Battle of Petroe
| Date | 20 August 1057 |
| Location | Plain of Ha[i]des, near Nicaea40°29′13″N 29°41′26″E﻿ / ﻿40.48694°N 29.69056°E |
| Result | Rebel victory |

Belligerents
- Imperial forces of Michael VI Stratiotikos: Rebel forces of Isaac I Komnenos

Commanders and leaders
- Theodore Aaron Basil Tarchaneiotes: Isaac I Komnenos Katakalon Kekaumenos Romanos Skleros Nikephoros Botaneiates

Casualties and losses
- Heavy: Significant

= Battle of Petroe =

Battle between two rival Byzantine armies in 1057

The Battle of Petroe, also known as the Battle of Hades, was fought on 20 August 1057 between two rival Byzantine armies: the loyalist forces of the Byzantine emperor Michael VI Stratiotikos under the proedros Theodore, and the supporters of the rebel general Isaac Komnenos.

Disgruntled by the neglect of army finances and the Emperor's unwillingness to consider their grievances, Komnenos and other leading commanders, including Nikephoros Bryennios and Nikephoros Botaneiates, began plotting against Michael VI, and on 8 June 1057, Komnenos was proclaimed emperor at his estates in Cappadocia. After his supporters rallied regiments from Anatolia to his cause, his army marched west towards Constantinople, and encountered the loyalist army, composed largely of regiments from Europe, near the city of Nicaea.
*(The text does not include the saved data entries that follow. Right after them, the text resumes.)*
(* Let $P$ be a finite graded poset with $\hat0$ and let $\lambda$ be an ER-labeling of $P$ satisfying the rank two switching property and such that in each interval of $P$ distinct ascent-free maximal chains have distinct words of labels. Then $\lambda$ satisfies the rank two switching property, the braid relation and the cancellative property.
   Context: An E-labeling is a map $\lambda$ from the cover relations of $P$ to a poset $\Lambda$. The word of labels of a saturated chain $x_0\lessdot\cdots\lessdot x_\ell$ is $\lambda(x_0\lessdot x_1)\cdots\lambda(x_{\ell-1}\lessdot x_\ell)$; the chain is increasing if the word is strictly increasing, ascent-free if no $i$ has $\lambda(x_{i-1}\lessdot x_i)<\lambda(x_i\lessdot x_{i+1})$. ER-labeling: every closed interval has exactly one increasing maximal chain. Rank two switching property: for every saturated chain $\hat0=x_0\lessdot\cdots\lessdot x_k$ and every $i$ with $\lambda(x_{i-1}\lessdot x_i)<\lambda(x_i\lessdot x_{i+1})$ there is a unique $x_i'$ with $x_{i-1}\lessdot x_i'\lessdot x_{i+1}$, $\lambda(x_{i-1}\lessdot x_i')=\lambda(x_i\lessdot x_{i+1})$, $\lambda(x_i'\lessdot x_{i+1})=\lambda(x_{i-1}\lessdot x_i)$. Quadratic exchange: for a maximal chain $\mathbf c$ of an interval with an ascent at position $i$, $U_i(\mathbf c)$ replaces $x_i$ by $x_i'$; otherwise $U_i(\mathbf c)=\mathbf c$. For maximal chains of an interval, $\mathbf c_1\sim_\lambda\mathbf c_2$ means they are connected by a sequence of quadratic exchanges (forwards or backwards) within that interval. Braid relation: whenever a maximal chain $\mathbf c$ of an interval has strictly increasing labels at three consecutive positions $i,i+1,i+2$, $U_iU_{i+1}U_i(\mathbf c)=U_{i+1}U_iU_{i+1}(\mathbf c)$. Cancellative property: for all $z<x<y$, every maximal chain $\mathbf c$ of $[z,x]$ and maximal chains $\mathbf c_1,\mathbf c_2$ of $[x,y]$, $\mathbf c\cup\mathbf c_1\sim_\lambda\mathbf c\cup\mathbf c_2$ implies $\mathbf c_1\sim_\lambda\mathbf c_2$. *)

From mathcomp Require Import all_boot all_order.
From Stdlib Require Import Relations.
Set Implicit Arguments. Unset Strict Implicit. Unset Printing Implicit Defensive.
Import Order.Theory.
Local Open Scope order_scope.

Section Labelings.
Context {d : Order.disp_t} {P : finPOrderType d}
        {dL : Order.disp_t} {L : porderType dL}.

Definition covers (x y : P) : bool :=
  (x < y) && [forall z : P, ~~ ((x < z) && (z < y))].

Definition graded : Prop :=
  exists rk : P -> nat, forall x y, covers x y -> rk y = (rk x).+1.

Variable lam : P -> P -> L.   (* the E-labeling; only its values on covers matter *)

(* a chain is given by the full sequence [:: x_0; x_1; ...; x_l] of its elements *)
Definition is_maxchain (x y : P) (c : seq P) : bool :=
  if c is a :: s then [&& a == x, path covers a s & last a s == y] else false.

Definition labels (c : seq P) : seq L :=
  if c is a :: s then pairmap lam a s else [::].

Definition increasing (w : seq L) : bool := sorted (fun u v => u < v) w.

Definition ascent_free (w : seq L) : bool :=
  if w is u :: s then all id (pairmap (fun a b => ~~ (a < b)) u s) else true.

Definition ER_labeling : Prop :=
  forall x y : P, x <= y ->
    exists! c, is_maxchain x y c /\ increasing (labels c).

Definition switching (bot : P) : Prop :=
  forall s : seq P, path covers bot s ->
  forall i, 0 < i -> i < size s ->
    let x := nth bot (bot :: s) in
    lam (x i.-1) (x i) < lam (x i) (x i.+1) ->
    exists! y, [/\ covers (x i.-1) y, covers y (x i.+1),
                   lam (x i.-1) y = lam (x i) (x i.+1)
                 & lam y (x i.+1) = lam (x i.-1) (x i)].

Definition U (i : nat) (c : seq P) : seq P :=
  if c is a :: _ then
    let x := nth a c in
    if [&& 0 < i, i.+1 < size c & lam (x i.-1) (x i) < lam (x i) (x i.+1)] then
      match [pick y | [&& covers (x i.-1) y, covers y (x i.+1),
                          lam (x i.-1) y == lam (x i) (x i.+1)
                        & lam y (x i.+1) == lam (x i.-1) (x i)]] with
      | Some y => set_nth a c i y
      | None => c
      end
    else c
  else c.

Definition lam_equiv (x y : P) : relation (seq P) :=
  clos_refl_sym_trans (seq P)
    (fun c1 c2 => [/\ is_maxchain x y c1, is_maxchain x y c2 & exists i, U i c1 = c2]).

Definition braid_relation : Prop :=
  forall (x y : P) (c : seq P), is_maxchain x y c ->
  forall i, 0 < i -> i.+3 <= size c ->
    let z := nth x c in
    lam (z i.-1) (z i) < lam (z i) (z i.+1) ->
    lam (z i) (z i.+1) < lam (z i.+1) (z i.+2) ->
    U i (U i.+1 (U i c)) = U i.+1 (U i (U i.+1 c)).

Definition cancellative : Prop :=
  forall z x y : P, z < x -> x < y ->
  forall c c1 c2 : seq P,
    is_maxchain z x c -> is_maxchain x y c1 -> is_maxchain x y c2 ->
    lam_equiv z y (c ++ behead c1) (c ++ behead c2) ->
    lam_equiv x y c1 c2.

Definition distinct_ascent_free_words : Prop :=
  forall (x y : P) (c1 c2 : seq P),
    is_maxchain x y c1 -> is_maxchain x y c2 ->
    ascent_free (labels c1) -> ascent_free (labels c2) ->
    labels c1 = labels c2 -> c1 = c2.

End Labelings.

From mathcomp Require Import all_boot all_order zify.
From Stdlib Require Import Relations.
Set Implicit Arguments. Unset Strict Implicit. Unset Printing Implicit Defensive.
Import Order.Theory.
Local Open Scope order_scope.

(* Quadratic exchanges at ascents strictly decrease a weight of the label word, and two
   exchanges applied to the same chain can always be rejoined: disjoint ones commute, and
   overlapping ones close up into the rank-three hexagon, whose two sides coincide because
   both end in the same ascent-free word.  By Newman's lemma every saturated chain thus has
   a unique ascent-free normal form, shared by all chains equivalent to it; the braid
   relation is the hexagon itself.  For cancellation, the normal form of [c ++ c1] is
   obtained by bubbling the labels of [c], from right to left, into the normal form of [c1];
   each bubbling step is injective by the uniqueness of increasing chains in rank two, so
   [c1] and [c2] have the same normal form. *)

Local Arguments rt_step {A R x y}.
Local Arguments rt_refl {A R x}.
Local Arguments rt_trans {A R x y z}.
Local Arguments rst_step {A R x y}.
Local Arguments rst_refl {A R x}.
Local Arguments rst_sym {A R x y}.
Local Arguments rst_trans {A R x y z}.
Local Arguments clos_rt_rt1n {A R x y}.
Local Arguments clos_rt1n_rt {A R x y}.

Section NormalForms.

Variables (T : Type) (R : relation T).
Local Notation reach := (clos_refl_trans T R).
Variables (inv : T -> Prop) (normal : pred T) (weight : T -> nat).
Hypothesis R_inv : forall a b, R a b -> inv a -> inv b.
Hypothesis R_weight : forall a b, R a b -> (weight b < weight a)%N.
Hypothesis normal_irreducible : forall a b, normal a -> ~ R a b.
Hypothesis not_normal_reducible : forall a, inv a -> ~~ normal a -> exists b, R a b.
Hypothesis R_local_confluent :
  forall a b c, R a b -> R a c -> exists2 d, reach b d & reach c d.

Lemma reach_inv a b : reach a b -> inv a -> inv b.
Proof. by elim=> [x y /R_inv | // | x y z _ IH1 _ IH2 /IH1]. Qed.

Lemma reachP a b : reach a b -> b = a \/ exists2 c, R a c & reach c b.
Proof.
by case/clos_rt_rt1n=> [|c ? ac /clos_rt1n_rt cb]; [left | right; exists c].
Qed.

Lemma reach_normal a b : normal a -> reach a b -> b = a.
Proof. by move=> na /reachP[// | [c /(normal_irreducible na)]]. Qed.

Lemma reach_normal_exists a : inv a -> exists2 f, reach a f & normal f.
Proof.
have [n] := ubnP (weight a); elim: n a => // n IH a /ltnSE wa inv_a.
have [na | nna] := boolP (normal a); first by exists a => //; exact: rt_refl.
have [b ab] := not_normal_reducible inv_a nna.
have [|f bf nf] := IH b _ (R_inv ab inv_a); first exact: leq_trans (R_weight ab) wa.
by exists f => //; exact: rt_trans (rt_step ab) bf.
Qed.

Theorem reach_normal_unique a f g :
  inv a -> reach a f -> normal f -> reach a g -> normal g -> f = g.
Proof.
have [n] := ubnP (weight a); elim: n a f g => // n IH a f g /ltnSE wa inv_a af nf ag ng.
case: (reachP af) => [fa | [b ab bf]]; first by rewrite fa in nf *; rewrite (reach_normal nf ag).
case: (reachP ag) => [ga | [c ac cg]]; first by rewrite ga in ng *; rewrite (reach_normal ng af).
have [inv_b inv_c] := (R_inv ab inv_a, R_inv ac inv_a).
have [d bd cd] := R_local_confluent ab ac.
have [e de ne] := reach_normal_exists (reach_inv bd inv_b).
rewrite (IH b f e _ inv_b bf nf (rt_trans bd de) ne); last exact: leq_trans (R_weight ab) wa.
by rewrite (IH c g e _ inv_c cg ng (rt_trans cd de) ne) // (leq_trans (R_weight ac) wa).
Qed.

End NormalForms.

Section SeqSplitting.

Variable T : Type.
Implicit Types (p q r s : seq T) (u v w y : T).

Lemma nth_cat3 x0 p q u v w :
  [/\ nth x0 (p ++ [:: u, v, w & q]) (size p) = u,
      nth x0 (p ++ [:: u, v, w & q]) (size p).+1 = v
    & nth x0 (p ++ [:: u, v, w & q]) (size p).+2 = w].
Proof. by elim: p. Qed.

Lemma set_nth_cat3 x0 p q u v w y :
  set_nth x0 (p ++ [:: u, v, w & q]) (size p).+1 y = p ++ [:: u, y, w & q].
Proof. by elim: p => //= a p ->. Qed.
After confronting each other for several days, the two armies finally engaged at the plain of Hades. Although the right wing of the rebel army was beaten, Komnenos himself held firm in the centre. Victory was won by his left wing, led by Katakalon Kekaumenos, which routed the imperial right, reached and entered their camp, and destroyed their tents, causing the imperial army to break and run, leaving the way open to Constantinople. With the rebel army approaching the capital, Michael VI offered Komnenos the position of Caesar and heir-apparent, but he was quickly convinced to abdicate the throne. On the next day, 1 September 1057, Isaac Komnenos was crowned emperor in Constantinople. His reign was marked by his unsuccessful attempts to reform the administration and strengthen the empire, but the opposition he aroused led to his own abdication in November 1059.

== Background ==

The Byzantine Empire at the time of the Battle of Petroe.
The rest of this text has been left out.